Reputation: 57
We have the background job which fetches records from particular table in batch of 1000 records at a time. This job runs at a interval of 30 minutes. Now, These records have email (key) and reason (value). The issues is we have to lookup these records against data warehouse, (sort of filtering kind of thing - fetches last 180 days data from warehouse). As call to the data warehouse is very costly in terms of time (45 minutes approximately). So, existing scenario is like this. We check for flat file on disk. if it does not exists. we make a call to data warehouse, fetch the records ( size ranges from 0.2 million to 0.25 million ) and write these records on a disk. on subsequent calls we do lookup from flat file only. - Loading entire file in memory and do in-memory search and filtering. This caused OutOfMemory issue so many times.
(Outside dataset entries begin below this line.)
(* For all $z\in\mathbb{C}\setminus\big((-\infty,-1]\cup[1,\infty)\big)$, $$z(1+z)\gamma(z)+z(1-z)\gamma(-z)=2z^3\gamma(z^2)-2z\log 2+(1+z)\log(1+z)-(1-z)\log(1-z).$$
   Context: $\gamma(z)$ is the generalized-Euler-constant function: for $|z|\le1$, $\gamma(z)=\sum_{n=1}^{\infty} z^{n-1}\left(\frac{1}{n}-\log\frac{n+1}{n}\right)$, and for $z\in\mathbb{C}\setminus[1,\infty)$ it denotes the analytic continuation $\gamma(z)=\int_0^1\frac{1-x+\log x}{(1-xz)\log x}\,dx$. $\log$ is the principal branch. *)

From Stdlib Require Import Reals.
From Coquelicot Require Import Coquelicot.
Open Scope R_scope.

(* Principal argument of a complex number, with values in (-PI, PI]
   (Carg 0 = 0, irrelevant). *)
Definition Carg (z : C) : R :=
  let x := Re z in let y := Im z in
  if Rlt_dec 0 x then atan (y / x)
  else if Rlt_dec x 0 then
    (if Rle_dec 0 y then atan (y / x) + PI else atan (y / x) - PI)
  else (if Rlt_dec 0 y then PI / 2
        else if Rlt_dec y 0 then - (PI / 2) else 0).

Definition Clog (z : C) : C := (ln (Cmod z), Carg z).

(* Generalized-Euler-constant function, analytic continuation to
   C \ [1, oo):  gamma(z) = int_0^1 (1 - x + log x) / ((1 - x z) log x) dx.
   The integrand has removable singularities at x = 0 and x = 1 (it is bounded),
   so the Riemann integral of the C-valued function on [0,1] is meaningful. *)
Definition gammaE (z : C) : C :=
  @RInt C_R_CompleteNormedModule
    (fun x : R => Cmult (RtoC ((1 - x + ln x) / ln x))
                        (Cinv (Cminus (RtoC 1) (Cmult (RtoC x) z))))
    0 1.

From Stdlib Require Import Reals Lra.
From Coquelicot Require Import Coquelicot.
Open Scope R_scope.

(* Write L x = (x - 1) / ln x for the logarithmic mean of x and 1, so that the
   integrand of gammaE w is (1 - L x) / (1 - x w).  Substitute x = y^2 in
   gammaE (z^2): since L (y^2) = L y (1 + y) / 2 and 1 - y^2 z^2 = (1 - y z)(1 + y z),
   partial fractions turn z (1 + z) gammaE z + z (1 - z) gammaE (-z) - 2 z^3 gammaE (z^2)
   into the integral over [0, 1] of
       (1 - z) z / (1 - y z) + (1 + z) z / (1 + y z) - 2 z L y.
   For w = z and w = -z the segment y |-> 1 - y w avoids the cut of the principal
   logarithm, so - Log (1 - y w) is a primitive of w / (1 - y w).  Finally the integral
   of L over [0, 1] is ln 2: the substitution x = y^2 gives that its integral over
   [0, a] is - int_(a^2)^a dv / ln v, and 1 / ln v = - 1 / (1 - v) + O(1) makes this
   ln (1 + a) + O(1 - a) as a -> 1. *)

(** * The integral of the logarithmic mean *)

Lemma ln_le_sub1 x : 0 < x -> ln x <= x - 1.
Proof. intros Hx. generalize (exp_ineq1_le (ln x)). rewrite exp_ln by exact Hx. lra. Qed.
So, we modified the logic like this. We modified the Data warehouse call in 4 equal intervals and stored each result in file again with ObjectOutputStream, Now, on subsequent calls we load data into memory in interval, i.e. 0-30 days, 31-60 days and so on. But, this also is not helping out. Can experts please suggest what should be the ideal way to tackle this issue ?. Someone in senior team suggested to use CouchDB for storing and querying the data. But, at first glance I would prefer if with existing infrastructure any good solution is available ? if not then can think of using other tools.
Filtering code as of now.
private void filterRecords(List<Record> filterRecords) {
long start = System.currentTimeMillis();
logger.error("In filter Records - start (ms) : "+start);
Map<String, String> invalidDataSet=new HashMap<String, String>(5000);
try{
boolean isValidTempResultFile = isValidTempResultFile();
//1. fetch invalid leads data from DWHS only if existing file is 7 days older.
String[] intervals = {"0","45","90","135"};
if(!isValidTempResultFile){
logger.error("#CCBLDM isValidTempResultFile false");
for(String interval : intervals){
invalidDataSet.clear();
// This call takes approx 45 minutes to fetch the data
getInvalidLeadsFromDWHS(invalidDataSet, interval, start);
filterDataSet(invalidDataSet, filterRecords);
}
}
else{
//Set data from temporary file in interval to avoid heap space issue
logger.error("#CCBLDM isValidTempResultFile true");
intervals = new String[]{"1","2","3","4"};
for(String interval : intervals){
// Here GC won't happen at immediately causing OOM issue.
invalidDataSet.clear();
// Keeps 45 days of data in memory at a time
setInvalidDataSetFromTempFile(invalidDataSet, interval);
//2. mark current record as incorrect if it belongs to invalid email list
filterDataSet(invalidDataSet, filterRecords);
}
}
}catch(Exception filterExc){
Scheduler.log.error("Exception occurred while Filtering Records", filterExc);
}finally{
invalidDataSet.clear();
invalidDataSet = null;
}
long end = System.currentTimeMillis();
logger.error("Total time taken to filter all records ::: ["+(end-start)+"] ms.");
}
Upvotes: 1
Views: 160
Reputation: 46432
I'd strongly suggest to slightly change your infrastructure. IIYC you're looking up something in a file and something in a map. Working with a file is a pain and loading everything to memory causes OOME. You can do better using a memory mapped file, which allows fast and simple access.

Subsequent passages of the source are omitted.